Example 8: synthesis of (S) -1- (3- (benzothien-3-yl) -2- (dimethylamino) propyl) -3- (3-methoxybenzyl) urea (Ia-8)
8.1 Synthesis of 4-nitrophenyl (3-methoxybenzyl) carbamate (6 a-8)
During the synthesis of intermediate 6a-8, benzylamine (5 a-1) was replaced with 3-methoxybenzyl amine (5 a-8), and the other operations were the same as for the synthesis of 6a-1, to give white solid 6a-8.
8.2 Synthesis of (S) -1- (3- (benzothien-3-yl) -2- (dimethylamino) propyl) -3- (3-methoxybenzyl) urea (Ia-8)
In the synthesis of Ia-8, 4-nitrophenyl benzyl carbamate (6 a-1) was replaced with 4-nitrophenyl (3-methoxybenzyl) carbamate (6 a-8), and the other operations were the same as for the synthesis of Ia-1, to give a yellow oil of Ia-8.HRESIMS m/z 398.1903[ M+H ] ] + . 1 H NMR(400MHz,DMSO-d 6 )δ:2.34(s,6H),2.67–2.89(m,2H),2.92–3.02(m,1H),3.07–3.21(m,2H),3.65(s,3H),4.05(d,J=5.8Hz,2H),5.75(d,J=7.1Hz,1H),6.48(t,J=5.8Hz,1H),6.71–6.81(m,3H),7.10(t,J=8.0Hz,1H),7.35–7.42(m,2H),7.50(s,1H),7.79–7.82(m,1H),7.97–7.99(m,1H)。
Example 9: synthesis of (S) -1- (3- (benzothien-3-yl) -2- (dimethylamino) propyl) -3- (4-methoxybenzyl) urea (Ia-9)
9.1 Synthesis of 4-nitrophenyl (4-methoxybenzyl) carbamate (6 a-9)
During the synthesis of intermediate 6a-9, benzylamine (5 a-1) was replaced with 4-methoxybenzyl amine (5 a-9), and the other operations were the same as for the synthesis of 6a-1, to give white solid 6a-9.
9.2 Synthesis of (S) -1- (3- (benzothien-3-yl) -2- (dimethylamino) propyl) -3- (4-methoxybenzyl) urea (Ia-9)

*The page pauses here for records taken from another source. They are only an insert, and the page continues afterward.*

(* Let $G$ be a timed region graph, let $\mu\in\Delta_{\mathrm{Min}}$ be regionally constant, let $T$ be a regionally simple regional function and $D$ a regionally constant regional function. Then $\mathrm{Improve}_{\mathrm{Min}}(\mu,(T,D))$ is regionally constant.
   Context: Fix $k\in\mathbb N$. Let $C$ be a finite set of clocks. A clock valuation is a function $\nu:C\to[0,k]$; $V$ is the set of clock valuations. For $t\ge 0$ let $(\nu+t)(c)=\nu(c)+t$; for $C'\subseteq C$ let $\mathrm{Reset}(\nu,C')(c)=0$ if $c\in C'$ and $=\nu(c)$ otherwise. Simple clock constraints are $c\bowtie i$ or $c-c'\bowtie i$ with $c,c'\in C$, $i\in\{0,\dots,k\}$, ${\bowtie}\in\{<,>,=,\le,\ge\}$. A clock region is an equivalence class of $V$ under ''satisfies the same simple clock constraints''; a clock zone is a convex union of clock regions. For a finite set $L$ of locations, a configuration is $s=(\ell,\nu)\in Q=L\times V$; write $s(c)=\nu(c)$ and $s+t=(\ell,\nu+t)$ (defined if $\nu+t\in V$). A region is $(\ell,P)$ (identified with $\{(\ell,\nu):\nu\in P\}$) for a clock region $P$; $[s]$ is the region containing $s$, $\mathcal R$ the set of regions, $\overline R$ the topological closure of $R$. A zone is a set $\{(\ell,\nu):\nu\in W_\ell\}$ with each $W_\ell$ a clock zone. A timed automaton $\mathcal T=(L,C,S,A,E,\delta,\rho,F)$ consists of finite $L$, finite $C$, a zone $S\subseteq Q$ of states, a finite set $A$ of actions, $E:A\to 2^S$ with every $E(a)$ a zone, $\delta:L\times A\to L$, $\rho:A\to 2^C$, and a zone $F\subseteq S$ of final states. For $s=(\ell,\nu)$: $s\to_t s'$ if $s'=s+t$ is defined and $s+t'\in S$ for all $t'\in[0,t]$; $s\xrightarrow{a}s'$ if $s'=(\delta(\ell,a),\mathrm{Reset}(\nu,\rho(a)))$, $s,s'\in S$ and $s\in E(a)$. For $(a,t)\in A\times\mathbb R_{\ge0}$, $\mathrm{Succ}(s,(a,t))=(\delta(\ell,a),\mathrm{Reset}(\nu+t,\rho(a)))$. A reachability-time game is $\Gamma=(\mathcal T,L_{\mathrm{Min}},L_{\mathrm{Max}})$ with $(L_{\mathrm{Min}},L_{\mathrm{Max}})$ a partition of $L$; $S_{\mathrm{Min}}$, $S_{\mathrm{Max}}$, $\mathcal R_{\mathrm{Min}}$, $\mathcal R_{\mathrm{Max}}$ are the states/regions with location in $L_{\mathrm{Min}}$ resp. $L_{\mathrm{Max}}$. Region relations: $R\to_*R'$ if there are $s\in R,s'\in R'$, $t\ge 0$ with $s\to_t s'$; $R\to_{+1}R'$ ($R'$ is the time successor of $R$) if $R\to_*R'$, $R\ne R'$, and $R\to_*R''\to_*R'$ implies $R''\in\{R,R'\}$; $R\xrightarrow aR'$ if there are $s\in R,s'\in R'$ with $s\xrightarrow a s'$. $R$ is thin if for all $s\in R$ and $\varepsilon>0$, $[s+\varepsilon]\neq[s]$. For thin $R''$, $b\in\{0,\dots,k\}$, $c\in C$: $R\to_{b,c}R''$ if $R\to_*R''$ and $s+(b-s(c))\in R''$ for all $s\in R$. Simple timed actions: $\mathcal A=A\times\{0,\dots,k\}\times C$; for $\alpha=(a,b,c)$, $t(s,\alpha)=b-s(c)$ if $s(c)\le b$ and $0$ otherwise, and $\mathrm{Succ}(s,\alpha)=\mathrm{Succ}(s,(a,t(s,\alpha)))$. For $F$ defined on $\overline{R'}$: $F^\oplus_\alpha(s)=t(s,\alpha)+F(\mathrm{Succ}(s,\alpha))$ and $F^\boxplus_\alpha(s)=1+F(\mathrm{Succ}(s,\alpha))$. Timed region graph $\widehat\Gamma=(\mathcal R,\mathcal M)$: $(R,\alpha,R')\in\mathcal M$ with $\alpha=(a,b,c)$ iff (i) $R\to_{b,c}R''\xrightarrow aR'$ for some $R''$; or (ii) $R\in\mathcal R_{\mathrm{Min}}$ and $R\to_{b,c}R''\to_{+1}R'''\xrightarrow aR'$ for some $R'',R'''$; or (iii) $R\in\mathcal R_{\mathrm{Max}}$ and $R\to_{b,c}R''$, $R'''\to_{+1}R''$, $R'''\xrightarrow aR'$ for some $R'',R'''$. (For $(R,\alpha,R')\in\mathcal M$ and $s\in R$, $\mathrm{Succ}(s,\alpha)\in\overline{R'}$.) Regional functions: maps $T$ assigning to each region $R$ a function $T(R):\overline R\to\mathbb R\cup\{\infty\}$ (resp. $D(R):\overline R\to\mathbb N\cup\{\infty\}$); $\widetilde T(s)=T([s])(s)$. $T$ is regionally simple (regionally constant) if each $T(R)$ is simple (constant), where $F:X\to\mathbb R$ is simple if $F\equiv e$ for some $e\in\mathbb Z$ or $F(s)=e-s(c)$ for some $e\in\mathbb Z$, $c\in C$. Lexicographic order: $(x,y)\le^{\mathrm{lex}}(x',y')$ iff $x<x'$, or $x=x'$ and $y\le y'$. Strategies in graphs: for a graph $G=(\mathcal R,\mathcal M')$, $\mathcal M'\subseteq\mathcal M$, a positional strategy for Min is a map $\mu:S_{\mathrm{Min}}\to\mathcal M'$ with $\mu(s)$ of the form $([s],\alpha,R)$; $\Delta_{\mathrm{Min}}$ is the set of these. A strategy is regionally constant if $[s]=[s']$ implies equal values. For $s\in S$ let $M_*(s,(T,D))$ be the set of moves $m=([s],\alpha,R')$ of $G$ at which $(T(R')^\oplus_\alpha(s),D(R')^\boxplus_\alpha(s))$ is lexicographically minimal. Fix a function $\mathrm{Choose}$ selecting an element of each nonempty set of moves. $\mathrm{Improve}_{\mathrm{Min}}(\mu,(T,D))(s)=\mu(s)$ if $\mu(s)\in M_*(s,(T,D))$, and $=\mathrm{Choose}(M_*(s,(T,D)))$ otherwise. *)

From Stdlib Require Import Reals ZArith List Classical ClassicalEpsilon
  FunctionalExtensionality PropExtensionality.
Open Scope R_scope.

Section TimedGames.
Context {L C A : Type}.
Variable k : nat.

Definition Val := C -> R.
Definition Conf := (L * Val)%type.
Definition clk (s : Conf) (c : C) : R := snd s c.

Definition inV (nu : Val) : Prop := forall c, 0 <= nu c <= INR k.

Definition delay (nu : Val) (t : R) : Val := fun c => nu c + t.
(* subsets of the finite set C are represented by their characteristic function *)
Definition reset (nu : Val) (X : C -> bool) : Val :=
  fun c => if X c then 0 else nu c.
(* s + t (as a raw configuration; "defined" means inV of the valuation) *)
Definition shift (s : Conf) (t : R) : Conf := (fst s, delay (snd s) t).

Inductive cmp := CLt | CGt | CEq | CLe | CGe.
Definition evc (o : cmp) (x y : R) : Prop :=
  match o with
  | CLt => x < y | CGt => x > y | CEq => x = y | CLe => x <= y | CGe => x >= y
  end.
Inductive sconstr :=
  | SC1 (c : C) (o : cmp) (i : nat)
  | SC2 (c c' : C) (o : cmp) (i : nat).
Definition sat (nu : Val) (g : sconstr) : Prop :=
  match g with
  | SC1 c o i => evc o (nu c) (INR i)
  | SC2 c c' o i => evc o (nu c - nu c') (INR i)
  end.
Definition constr_ok (g : sconstr) : Prop :=
  match g with SC1 _ _ i => (i <= k)%nat | SC2 _ _ _ i => (i <= k)%nat end.
Definition clock_equiv (nu nu' : Val) : Prop :=
  forall g, constr_ok g -> (sat nu g <-> sat nu' g).

Definition clock_zone (W : Val -> Prop) : Prop :=
  (forall nu, W nu -> inV nu) /\
  (forall nu nu', W nu -> inV nu' -> clock_equiv nu nu' -> W nu') /\
  (forall nu nu' (l : R), W nu -> W nu' -> 0 <= l <= 1 ->
      W (fun c => l * nu c + (1 - l) * nu' c)).
Definition zone (Z : Conf -> Prop) : Prop :=
  forall l : L, clock_zone (fun nu => Z (l, nu)).

Definition regionOf (s : Conf) : Conf -> Prop :=
  fun s' => fst s' = fst s /\ inV (snd s') /\ clock_equiv (snd s) (snd s').
Definition is_region (Rg : Conf -> Prop) : Prop :=
  exists s, inV (snd s) /\ Rg = regionOf s.
(* topological closure (L discrete, valuations with the sup-norm topology) *)
Definition in_cl (Rg : Conf -> Prop) (s : Conf) : Prop :=
  forall eps, eps > 0 -> exists s', Rg s' /\ fst s' = fst s /\
    forall c, Rabs (snd s' c - snd s c) < eps.

Record TA := mkTA {
  taS : Conf -> Prop;
  taE : A -> Conf -> Prop;
  taDelta : L -> A -> L;
  taRho : A -> C -> bool;
  taF : Conf -> Prop }.

Definition finite_type (X : Type) : Prop := exists l : list X, forall x, In x l.

Definition wf_TA (T : TA) : Prop :=
  finite_type L /\ finite_type C /\ finite_type A /\
  zone (taS T) /\
  (forall a, zone (taE T a) /\ forall s, taE T a s -> taS T s) /\
  zone (taF T) /\ (forall s, taF T s -> taS T s).

Variable T : TA.

Definition delay_step (s : Conf) (t : R) (s' : Conf) : Prop :=
  0 <= t /\ inV (delay (snd s) t) /\ s' = shift s t /\
  forall t', 0 <= t' <= t -> taS T (shift s t').
Definition act_step (s : Conf) (a : A) (s' : Conf) : Prop :=
  s' = (taDelta T (fst s) a, reset (snd s) (taRho T a)) /\
  taS T s /\ taS T s' /\ taE T a s.
Definition succ (s : Conf) (a : A) (t : R) : Conf :=
  (taDelta T (fst s) a, reset (delay (snd s) t) (taRho T a)).

Definition reach_star (R1 R2 : Conf -> Prop) : Prop :=
  exists s s' t, R1 s /\ R2 s' /\ delay_step s t s'.
Definition time_succ (R1 R2 : Conf -> Prop) : Prop :=
  reach_star R1 R2 /\ R1 <> R2 /\
  forall R3, is_region R3 -> reach_star R1 R3 -> reach_star R3 R2 ->
    R3 = R1 \/ R3 = R2.
Definition act_rel (a : A) (R1 R2 : Conf -> Prop) : Prop :=
  exists s s', R1 s /\ R2 s' /\ act_step s a s'.
Definition thin (Rg : Conf -> Prop) : Prop :=
  forall s, Rg s -> forall eps, eps > 0 -> regionOf (shift s eps) <> regionOf s.
Definition to_bc (b : nat) (c : C) (R1 R2 : Conf -> Prop) : Prop :=
  thin R2 /\ reach_star R1 R2 /\
  forall s, R1 s -> R2 (shift s (INR b - clk s c)).

(** Simple timed actions (a, b, c); b is required to be <= k in moves *)
Definition Act := (A * nat * C)%type.
Definition tau (s : Conf) (al : Act) : R :=
  let '(_, b, c) := al in
  if Rle_dec (clk s c) (INR b) then INR b - clk s c else 0.
Definition succ_act (s : Conf) (al : Act) : Conf :=
  let '(a, _, _) := al in succ s a (tau s al).

Variable Lmin : L -> bool. (* L_Min = {l | Lmin l}, L_Max = complement *)
Definition region_min (Rg : Conf -> Prop) : Prop :=
  exists s, Rg s /\ Lmin (fst s) = true.
Definition region_max (Rg : Conf -> Prop) : Prop :=
  exists s, Rg s /\ Lmin (fst s) = false.

Definition Move := ((Conf -> Prop) * Act * (Conf -> Prop))%type.

Definition inM (m : Move) : Prop :=
  let '(R1, al, R2) := m in
  let '(a, b, c) := al in
  is_region R1 /\ is_region R2 /\ (b <= k)%nat /\
  ( (exists R3, is_region R3 /\ to_bc b c R1 R3 /\ act_rel a R3 R2)
 \/ (region_min R1 /\ exists R3 R4, is_region R3 /\ is_region R4 /\
       to_bc b c R1 R3 /\ time_succ R3 R4 /\ act_rel a R4 R2)
 \/ (region_max R1 /\ exists R3 R4, is_region R3 /\ is_region R4 /\
       to_bc b c R1 R3 /\ time_succ R4 R3 /\ act_rel a R4 R2) ).

Inductive ER := ERfin (r : R) | ERinf.
Inductive EN := ENfin (n : nat) | ENinf.
Definition ER_addR (x : R) (y : ER) : ER :=
  match y with ERfin r => ERfin (x + r) | ERinf => ERinf end.
Definition EN_succ (y : EN) : EN :=
  match y with ENfin n => ENfin (S n) | ENinf => ENinf end.
Definition ER_lt (x y : ER) : Prop :=
  match x, y with
  | ERfin a, ERfin b => a < b | ERfin _, ERinf => True | ERinf, _ => False end.
Definition EN_le (x y : EN) : Prop :=
  match x, y with
  | ENfin a, ENfin b => (a <= b)%nat | _, ENinf => True | ENinf, ENfin _ => False end.
Definition lex_le (p q : ER * EN) : Prop :=
  ER_lt (fst p) (fst q) \/ (fst p = fst q /\ EN_le (snd p) (snd q)).

(** Regional functions: T R is meaningful on the closure of R *)
Definition RegFunR := (Conf -> Prop) -> Conf -> ER.
Definition RegFunN := (Conf -> Prop) -> Conf -> EN.

Definition regionally_simple (F : RegFunR) : Prop :=
  forall Rg, is_region Rg -> exists e : Z,
    (forall s, in_cl Rg s -> F Rg s = ERfin (IZR e)) \/
    (exists c, forall s, in_cl Rg s -> F Rg s = ERfin (IZR e - clk s c)).
Definition regionally_constantN (F : RegFunN) : Prop :=
  forall Rg, is_region Rg -> exists d, forall s, in_cl Rg s -> F Rg s = d.

Definition oplus (F : RegFunR) (al : Act) (R2 : Conf -> Prop) (s : Conf) : ER :=
  ER_addR (tau s al) (F R2 (succ_act s al)).
Definition boxplus (F : RegFunN) (al : Act) (R2 : Conf -> Prop) (s : Conf) : EN :=
  EN_succ (F R2 (succ_act s al)).

(** Strategies in a graph G = (regions, Mp), Mp ⊆ M *)
Variable Mp : Move -> Prop.

Definition S_min (s : Conf) : Prop := taS T s /\ Lmin (fst s) = true.

Definition is_strategy_min (mu : Conf -> Move) : Prop :=
  forall s, S_min s -> Mp (mu s) /\ fst (fst (mu s)) = regionOf s.
Definition regionally_constant_strat (mu : Conf -> Move) : Prop :=
  forall s s', S_min s -> S_min s' -> regionOf s = regionOf s' -> mu s = mu s'.

Definition move_val (F : RegFunR) (D : RegFunN) (m : Move) (s : Conf) : ER * EN :=
  let '(_, al, R2) := m in (oplus F al R2 s, boxplus D al R2 s).

Definition Mstar (F : RegFunR) (D : RegFunN) (s : Conf) : Move -> Prop :=
  fun m => Mp m /\ fst (fst m) = regionOf s /\
    forall m', Mp m' -> fst (fst m') = regionOf s ->
      lex_le (move_val F D m s) (move_val F D m' s).

Definition choose_ok (Choose : (Move -> Prop) -> Move) : Prop :=
  forall X : Move -> Prop, (exists m, X m) -> X (Choose X).

Definition Improve_min (Choose : (Move -> Prop) -> Move) (mu : Conf -> Move)
  (F : RegFunR) (D : RegFunN) (s : Conf) : Move :=
  if excluded_middle_informative (Mstar F D s (mu s)) then mu s
  else Choose (Mstar F D s).

End TimedGames.

(* Let s, s' be two Min-states in the same region.  Since mu is regionally
   constant, mu s = mu s', so it suffices to show that the sets of optimal
   moves M_*(s,(T,D)) and M_*(s',(T,D)) coincide.  Both consist of moves
   leaving the common region R1 = [s] = [s'], and the key fact is:

     for every move m = (R1,(a,b,c),R2) of the timed region graph there are
     E : Z, a clock x and d such that the value of m at every t in R1 is
     (E - t(x), d)      (lemma [move_value_affine]).

   Indeed t(alpha) = b - t(c) on R1 (lemma [tau_of_to_bc]) and Succ(t,alpha)
   lies in the closure of R2 (lemma [move_target_closure]), where T(R2) is
   simple and D(R2) constant.  The closure property rests on the geometry of
   regions: a point of a thin region is a limit of points of its time
   successor and of its time predecessor ([time_succ_forward],
   [time_succ_backward]), and resets are 1-Lipschitz.  Finally, comparing two
   values (E1 - t(x1), d1) and (E2 - t(x2), d2) only depends on how
   t(x2) - t(x1) compares with the integer E2 - E1, which is the same for
   clock-equivalent valuations ([affine_lex_invariant]). *)
From Stdlib Require Import Reals ROrderedType ZArith List Lra Lia
  FunctionalExtensionality PropExtensionality.
Open Scope R_scope.

Ltac compare_cases :=
  repeat match goal with |- context [Rcompare ?x ?y] => destruct (Rcompare_spec x y) end;
  simpl; first [reflexivity | exfalso; lra].

Definition cmp_holds (o : cmp) (r : comparison) : Prop :=
  match o with
  | CLt => r = Lt | CGt => r = Gt | CEq => r = Eq | CLe => r <> Gt | CGe => r <> Lt
  end.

In the synthesis of Ia-9, 4-nitrophenyl benzyl carbamate (6 a-1) was replaced with 4-nitrophenyl (4-methoxybenzyl) carbamate (6 a-9), and the other operations were the same as for the synthesis of Ia-1, to give a yellow oil of Ia-9.HRESIMS m/z 398.1902[ M+H ]] + . 1 H NMR(400MHz,DMSO-d 6 )δ:2.36(s,6H),2.67–2.89(m,2H),2.92–3.02(m,1H),3.07–3.21(m,2H),3.64(s,3H),4.10(d,J=5.7Hz,2H),5.75(d,J=7.1Hz,1H),6.48(t,J=5.7Hz,1H),6.76(d,J=8.4Hz,2H),7.10(d,J=8.4Hz,2H),7.35–7.42(m,2H),7.52(s,1H),7.79–7.82(m,1H),7.97–7.99(m,1H)。
Example 10: synthesis of (S) -1- (3- (benzothien-3-yl) -2- (dimethylamino) propyl) -3-phenethylurea (Ib-1)
10.1 Synthesis of 4-nitrophenyl phenethyl carbamate (6 b-1)
In the synthesis of intermediate 6b-1, benzylamine (5 a-1) was replaced with (S) -1-phenethylamine (5 b-1), and the other operations were the same as for the synthesis of 6a-1, to give white solid 6b-1.
10.2 Synthesis of (S) -1- (3- (benzothien-3-yl) -2- (dimethylamino) propyl) -3-phenethylurea (Ib-1)
In the synthesis of Ib-1, 4-nitrophenyl benzyl carbamate (6 a-1) was replaced with 4-nitrophenyl phenethyl carbamate (6 b-1), and the other procedures were the same as for the synthesis of Ia-1, to give Ib-1 as a yellow oil. HRESIMS m/z 382.1956[ M+H ]] + . 1 H NMR(400MHz,DMSO-d 6 )δ2.35(s,6H),2.58–2.61(m,1H),2.73–2.91(m,2H),3.15–3.27(m,1H),3.32–3.41(m,2H),3.57–3.63(m,3H),5.36(br s,1H),5.73(br s,1H),7.07–7.16(m,3H),7.17–7.25(m,2H),7.33–7.40(m,2H),7.48(s,1H),7.71–7.76(m,1H),7.81–7.88(m,1H)。
Example 11: synthesis of 1- ((S) -3- (benzothien-3-yl) -2- (dimethylamino) propyl) -3- ((S) -1-phenylpropan-2-yl) urea (Ib-2)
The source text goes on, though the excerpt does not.